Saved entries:
<<<<

Lemma Re_conjc (x : C) : complex.Re (conjc x) = complex.Re x.
Proof. by case: x. Qed.

Lemma Im_conjc (x : C) : complex.Im (conjc x) = - complex.Im x.
Proof. by case: x. Qed.

Lemma is_cderive_cst (c : C) t : is_cderive (fun=> c) t 0.
Proof. by split; apply: is_derive_cst. Qed.

Lemma is_cderive_Cr t : is_cderive (fun s => s%:C) t 1.
Proof. by split; [exact: is_derive_id | exact: is_derive_cst]. Qed.

Lemma is_cderiveD g h t a b : is_cderive g t a -> is_cderive h t b ->
  is_cderive (fun s => g s + h s) t (a + b).
Proof.
move=> [ga gb] [ha hb]; split.
  by under eq_fun do rewrite ReD; rewrite ReD; exact: is_deriveD.
by under eq_fun do rewrite ImD; rewrite ImD; exact: is_deriveD.
Qed.

Lemma is_cderiveM g h t a b : is_cderive g t a -> is_cderive h t b ->
  is_cderive (fun s => g s * h s) t (a * h t + g t * b).
Proof.
move=> [ga gb] [ha hb]; split.
  under eq_fun do rewrite ReM.
  apply: is_derive_eq (is_deriveB (is_deriveM ga ha) (is_deriveM gb hb)) _.
  by rewrite ReD !ReM /GRing.scale /=; ring.
under eq_fun do rewrite ImM.
apply: is_derive_eq (is_deriveD (is_deriveM ga hb) (is_deriveM gb ha)) _.
by rewrite ImD !ImM /GRing.scale /=; ring.
Qed.

Lemma is_cderiveMr g t a (c : C) :
  is_cderive g t a -> is_cderive (fun s => g s * c) t (a * c).
Proof.
by move=> ga; have := is_cderiveM ga (is_cderive_cst c t); rewrite mulr0 addr0.
Qed.
Lemma real_Elow_le_E Y :
  H Sp Y -> (forall w, 0 <= Y w) -> Rbar_lt (E Sp Y) p_infty -> real (Elow Sp Y) <= real (E Sp Y).
Proof.
  intros HY Hpos Hfin; unfold Elow.
  assert (HnY : H Sp (fun w => - Y w)) by (apply (H_ext (fun w => -1 * Y w)); [intros; ring | now apply H_scal]).
  pose proof (E_ge_cst Y 0 HY Hpos) as HE0.
  pose proof (E_le_cst _ 0 HnY (fun w => ltac:(pose proof (Hpos w); lra))) as HnE0.
  assert (Hplus : ex_Rbar_plus (E Sp Y) (E Sp (fun w => - Y w))).
  { destruct (E Sp Y), (E Sp (fun w => - Y w)); simpl in *; tauto. }
  pose proof (E_subadd _ Sp _ _ HY HnY Hplus) as Hsub.
  rewrite (E_ext _ (fun _ => 0)), E_cst in Hsub by (intros; ring).
  destruct (E Sp Y), (E Sp (fun w => - Y w)); simpl in *; try tauto; lra.
Qed.

Lemma Vcap_le_E (A : Omega -> Prop) xi :
  H Sp xi -> (forall w, A w -> 1 <= xi w) -> (forall w, 0 <= xi w) -> Rbar_le (Vcap Sp A) (E Sp xi).
Proof.
  intros Hxi HA Hpos; unfold Vcap, Rbar_glb.
  apply (proj1 (proj2_sig (Rbar_ex_glb _))); exists xi; auto.
Qed.

Lemma Vcap_le_rsum_cover (A : Omega -> Prop) m (F : nat -> Omega -> R) (c : nat -> R) :
  (forall j, H Sp (F j)) -> (forall j w, 0 <= F j w) ->
  (forall j, Rbar_le (E Sp (F j)) (Finite (c j))) ->
  (forall w, A w -> exists j, (j < m)%nat /\ 1 <= F j w) ->
  Rbar_le (Vcap Sp A) (Finite (rsum m c)).
Proof.
  intros HF Hpos Hc Hcover.
  eapply Rbar_le_trans; [apply Vcap_le_E | apply E_rsum_le; auto].
  - apply H_rsum; auto.
  - intros w Hw; destruct (Hcover w Hw) as [j [Hj H1]].
    eapply Rle_trans; [exact H1 | apply (rsum_ge_term m (fun j => F j w)); auto].
  - intros w; apply rsum_nonneg; auto.
Qed.

End SublinearExpectation.

Section IndependentProduct.
Context {Omega : Type} (Sp : SLE Omega) (X : nat -> Omega -> R).
Variables (h : R -> R) (M L : R).
Hypothesis HX : forall k, H Sp (X k).
Hypothesis Hind : indep_seq Sp X.
Hypothesis HM : 1 <= M.
Hypothesis HL : 0 <= L.
Hypothesis Hpos : forall y, 0 < h y.
Hypothesis Hbound : forall y, Rabs (h y) <= M.
Hypothesis Hlip : forall y z, Rabs (h y - h z) <= L * (1 + Rabs y + Rabs z) * Rabs (y - z).

Lemma H_h_rprod n : H Sp (fun w => rprod n (fun k => h (X k w))).
Proof.
  apply (H_comp _ Sp n X (fun z => rprod n (fun k => h (z k)))); auto.
  right; apply (clip_rprod h M L); auto.
Qed.

Lemma H_h k : H Sp (fun w => h (X k w)).
Proof. apply (H_comp1 Sp h L 1); auto; intros; rewrite !pow_1; auto. Qed.

Lemma E_h k : E Sp (fun w => h (X k w)) = Finite (real (E Sp (fun w => h (X k w)))).
Proof.
  apply (E_finite_of_bounds Sp _ 0 M (H_h k)); intros w.
  pose proof (Hpos (X k w)); pose proof (Hbound (X k w)); rewrite Rabs_pos_eq in *; lra.
Qed.

(* Independence factorizes the expectation one factor at a time: conditionally on
   [X 0 .. X (i-1)], the last factor only contributes the constant [E[h (X i)]]. *)
Lemma E_h_rprod n :
  E Sp (fun w => rprod n (fun k => h (X k w))) = Finite (rprod n (fun k => real (E Sp (fun w => h (X k w))))).
Proof.
  induction n as [| i IH]; [simpl; apply E_cst |].
  set (e := real (E Sp (fun w => h (X i w)))).
  assert (He : 0 <= e) by (apply real_E_nonneg; [apply H_h | intros; left; apply Hpos]).
  assert (Hinner : forall x : nat -> R,
    E Sp (fun w => rprod (S i) (fun k => h (if Nat.ltb k i then x k else X i w))) =
    Finite (rprod i (fun k => h (x k)) * e)).
  { intros x.
    rewrite (E_ext Sp _ (fun w => rprod i (fun k => h (x k)) * h (X i w))).
    - apply E_scal_finite; [apply H_h | apply rprod_pos; auto | apply E_h].
    - intros w; simpl; rewrite Nat.ltb_irrefl; f_equal.
      apply rprod_ext; intros k Hk; apply Nat.ltb_lt in Hk; now rewrite Hk. }
  assert (Houter : E Sp (fun w => e * rprod i (fun k => h (X k w))) =
                   Finite (e * rprod i (fun k => real (E Sp (fun w => h (X k w)))))).
  { destruct (Req_dec e 0) as [-> | Hne].
    - rewrite (E_ext Sp _ (fun _ => 0)), E_cst by (intros; ring); f_equal; ring.
    - apply E_scal_finite; [apply H_h_rprod | lra | exact IH]. }
  assert (Hfold : forall w, real (E Sp (fun w0 => rprod (S i)
      (fun k => h (if Nat.ltb k i then X k w else X i w0)))) = e * rprod i (fun k => h (X k w))).
  { intros w; rewrite Hinner; simpl; ring. }
  pose proof (Hind i (fun z => rprod (S i) (fun k => h (z k))) (clip_rprod h M L HM HL Hbound Hlip (S i)))
    as Hfact; cbv beta zeta in Hfact.
  rewrite Hfact, (E_ext Sp _ _ Hfold), Houter.
  - simpl; f_equal; fold e; ring.
  - intros x; now rewrite Hinner.
  - eapply H_ext; [intros w; symmetry; apply Hfold | apply H_scal, H_h_rprod].
  - now rewrite (E_ext Sp _ _ Hfold), Houter.
Qed.

End IndependentProduct.

Lemma E_tilt_le {Omega} (Sp : SLE Omega) Y l a G :
  H Sp Y -> Rbar_le (E Sp Y) (Finite 0) -> 0 < l -> 0 < a ->
  E Sp (fun w => trunc_sq a (Y w)) = Finite G ->
  Rbar_le (E Sp (fun w => tilt l (Y w))) (Finite (1 + 2 * l ^ 2 * (1 + l / a) * G)).
Proof.
  intros HY Hmean Hl Ha HG.
  set (c := 2 * l ^ 2 * (1 + l / a)).
  assert (Hc : 0 < c) by (unfold c; pose proof (pow_lt l 2 Hl);
                          assert (0 < l / a) by (apply Rdiv_lt_0_compat; lra); nra).
  assert (Htrunc : H Sp (fun w => trunc_sq a (Y w))) by (apply (H_comp1 Sp _ _ 2 _ (trunc_sq_lip a) HY)).
  assert (Hlin : H Sp (fun w => 1 + l * Y w)) by (apply (H_add _ Sp (fun _ => 1)); [apply H_cst | apply H_scal; auto]).
  assert (Hquad : H Sp (fun w => c * trunc_sq a (Y w))) by (apply H_scal; auto).
  eapply Rbar_le_trans.
  - apply (E_mono _ Sp _ (fun w => (1 + l * Y w) + c * trunc_sq a (Y w))).
    + apply (H_comp1 Sp (tilt l) (exp (1 / 2) * (Rabs l + l ^ 2)) 1); auto.
      intros; rewrite !pow_1; apply tilt_lip.
    + apply (H_add _ Sp (fun w => 1 + l * Y w)); auto.
    + intros w; apply tilt_le_trunc_sq; auto.
  - pose proof (E_one_add_scal_le Sp Y l HY Hmean Hl) as Hone.
    eapply Rbar_le_trans; [apply (E_subadd _ Sp (fun w => 1 + l * Y w)); auto |];
      rewrite E_poshom, HG by auto; destruct (E Sp (fun w => 1 + l * Y w)); simpl in *; tauto || lra.
Qed.

Section TiltedProducts.
Context {Omega : Type} (Sp : SLE Omega) (X : nat -> Omega -> R) (n : nat).
Hypothesis HX : forall k, H Sp (X k).
Hypothesis Hind : indep_seq Sp X.
Hypothesis Hsq : forall k, Rbar_lt (E Sp (fun w => X k w ^ 2)) p_infty.
Hypothesis Hmean : forall k, Rbar_le (E Sp (X k)) (Finite 0).

Lemma rsum_Elow_sq_le_E_sq :
  rsum n (fun k => real (Elow Sp (fun w => X k w ^ 2))) <= rsum n (fun k => real (E Sp (fun w => X k w ^ 2))).
Proof. apply rsum_le; intros k _; apply real_Elow_le_E; auto using H_sq; intros; apply pow2_ge_0. Qed.

Lemma E_trunc_sq a k : E Sp (fun w => trunc_sq a (X k w)) = Finite (real (E Sp (fun w => trunc_sq a (X k w)))).
Proof.
  assert (Htrunc : H Sp (fun w => trunc_sq a (X k w))) by apply (H_comp1 Sp _ _ 2 _ (trunc_sq_lip a) (HX k)).
  pose proof (E_ge_cst Sp _ 0 Htrunc (fun w => proj1 (trunc_sq_bounds a (X k w)))).
  pose proof (E_mono _ Sp _ _ Htrunc (H_sq Sp _ (HX k)) (fun w => proj2 (trunc_sq_bounds a (X k w)))).
  pose proof (Hsq k).
  destruct (E Sp (fun w => trunc_sq a (X k w))), (E Sp (fun w => X k w ^ 2)); simpl in *; tauto.
Qed.

Lemma rsum_E_trunc_sq_nonneg a : 0 <= rsum n (fun k => real (E Sp (fun w => trunc_sq a (X k w)))).
Proof.
  apply rsum_nonneg; intros k; apply real_E_nonneg; [| intros; apply trunc_sq_bounds].
  apply (H_comp1 Sp _ _ 2 _ (trunc_sq_lip a) (HX k)).
Qed.

Lemma E_rprod_tilt_le l a : 0 < l -> 0 < a ->
  Rbar_le (E Sp (fun w => rprod n (fun k => tilt l (X k w))))
          (Finite (exp (2 * l ^ 2 * (1 + l / a) *
                        rsum n (fun k => real (E Sp (fun w => trunc_sq a (X k w))))))).
Proof.
  intros Hl Ha.
  assert (HM : 1 <= exp (1 / 2)) by (pose proof (exp_ineq1_le (1 / 2)); lra).
  assert (HL : 0 <= exp (1 / 2) * (Rabs l + l ^ 2))
    by (pose proof (exp_pos (1 / 2)); pose proof (Rabs_pos l); pose proof (pow2_ge_0 l); nra).
  rewrite (E_h_rprod Sp X (tilt l) _ _ HX Hind HM HL (tilt_pos l) (tilt_abs_le l) (tilt_lip l)).
  rewrite <- rsum_scal, <- rprod_exp; simpl; apply rprod_le; intros k; split.
  - apply real_E_nonneg; [apply (H_h Sp X (tilt l) _ HX (tilt_lip l)) |].
    intros; left; apply tilt_pos.
  - pose proof (E_tilt_le Sp (X k) l a _ (HX k) (Hmean k) Hl Ha (E_trunc_sq a k)) as Hk.
    destruct (E Sp (fun w => tilt l (X k w))); simpl in *; try tauto.
    + eapply Rle_trans; [exact Hk | apply exp_ineq1_le].
    + left; apply exp_pos.
Qed.


Lemma Vcap_le_tilt_grid (A : Omega -> Prop) x u0 a C N :
  2 <= x -> 0 < u0 -> 0 < a ->
  (forall u, u0 <= u ->
     2 * (x / u) ^ 2 * (1 + x / u / a) * rsum n (fun k => real (E Sp (fun w => trunc_sq a (X k w)))) <= C) ->
  (forall w, A w -> rsum n (fun k => X k w) >= x * sqrt (rsum n (fun k => X k w ^ 2)) /\
                    u0 <= sqrt (rsum n (fun k => X k w ^ 2)) <= u0 * (1 + INR N / x)) ->
  Rbar_le (Vcap Sp A) (Finite (INR (S N) * (exp (1 / 2 - x ^ 2 / 2) * exp C))).
Proof.
  intros Hx Hu0 Ha Hcoef Hcover.
  set (K := exp (1 / 2 - x ^ 2 / 2)).
  set (l j := x / (u0 * (1 + / x) ^ j)).
  assert (Hgrid : forall j, u0 <= u0 * (1 + / x) ^ j).
  { intros j; pose proof (pow_R1_Rle (1 + / x) j ltac:(pose proof (Rinv_0_lt_compat x ltac:(lra)); lra)); nra. }
  assert (Hl : forall j, 0 < l j) by (intros j; apply Rdiv_lt_0_compat; [lra | pose proof (Hgrid j); lra]).
  assert (HM : 1 <= exp (1 / 2)) by (pose proof (exp_ineq1_le (1 / 2)); lra).
  assert (HL : forall j, 0 <= exp (1 / 2) * (Rabs (l j) + l j ^ 2))
    by (intros j; pose proof (exp_pos (1 / 2)); pose proof (Rabs_pos (l j)); pose proof (pow2_ge_0 (l j)); nra).
  rewrite <- rsum_const.
  apply (Vcap_le_rsum_cover Sp A (S N) (fun j w => K * rprod n (fun k => tilt (l j) (X k w)))).
  - intros j; apply H_scal, (H_h_rprod Sp X _ _ _ HX HM (HL j) (tilt_abs_le _) (tilt_lip _)).
  - intros j w; apply Rmult_le_pos; [left; apply exp_pos | left; apply rprod_pos; intros; apply tilt_pos].
  - intros j; apply E_scal_le; [apply (H_h_rprod Sp X _ _ _ HX HM (HL j) (tilt_abs_le _) (tilt_lip _)) | apply exp_pos |].
    eapply Rbar_le_trans; [apply (E_rprod_tilt_le (l j) a (Hl j) Ha) |]; apply exp_le_mono, Hcoef, Hgrid.
  - intros w Hw; destruct (Hcover w Hw) as [HS HV].
    destruct (tilt_grid_cover x u0 _ _ N Hx Hu0 HV HS) as [j [Hj Hexp]]; exists j; split; auto.
    unfold tilt; rewrite rprod_exp, rsum_sub_scal.
    rewrite pow2_sqrt in Hexp by (apply rsum_nonneg; intros; apply pow2_ge_0); exact Hexp.
Qed.

End TiltedProducts.

Lemma Rpower_ratio_three_halves p q : 0 < p -> 0 < q -> Rpower (p / q) (3 / 2) = (sqrt p / sqrt q) ^ 3.
Proof.
  intros Hp Hq.
  assert (Hpq : 0 < sqrt p / sqrt q) by (apply Rdiv_lt_0_compat; apply sqrt_lt_R0; lra).
  replace (p / q) with ((sqrt p / sqrt q) ^ 2)
    by (rewrite <- sqrt_div_alt, pow2_sqrt by (try apply Rlt_le, Rdiv_lt_0_compat; lra); reflexivity).
  rewrite <- !Rpower_pow, Rpower_mult by auto; f_equal; simpl; field.
Qed.

Lemma sqrt_in_grid_window x s b V2 N : 0 < x -> 0 < s <= b -> 6 * x * (b / s) <= INR N ->
  s ^ 2 / 4 <= V2 <= 9 * b ^ 2 -> s / 2 <= sqrt V2 <= s / 2 * (1 + INR N / x).
Proof.
  intros Hx [Hs Hsb] HN [Hlow Hhigh].
  set (V := sqrt V2).
  assert (HV : V ^ 2 = V2) by (apply pow2_sqrt; nra).
  assert (0 <= V) by apply sqrt_pos.
  assert (HNx : s / 2 * (6 * x * (b / s)) / x <= s / 2 * (INR N / x)).
  { unfold Rdiv; rewrite <- !Rmult_assoc; apply Rmult_le_compat_r;
      [left; apply Rinv_0_lt_compat; lra |].
    rewrite !Rmult_assoc; apply Rmult_le_compat_l; [lra |]; unfold Rdiv in HN; lra. }
  replace (s / 2 * (6 * x * (b / s)) / x) with (3 * b) in HNx by (field; lra).
  split; nra.
Qed.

>>>>

◆ Task prompt: The line with "<- !Rmult_assoc; apply Rmult_le_compat_r;" marks where to start. Transcribe from there through the final line of the records, exactly and with nothing added.

◆ Final answer:
  { unfold Rdiv; rewrite <- !Rmult_assoc; apply Rmult_le_compat_r;
      [left; apply Rinv_0_lt_compat; lra |].
    rewrite !Rmult_assoc; apply Rmult_le_compat_l; [lra |]; unfold Rdiv in HN; lra. }
  replace (s / 2 * (6 * x * (b / s)) / x) with (3 * b) in HNx by (field; lra).
  split; nra.
Qed.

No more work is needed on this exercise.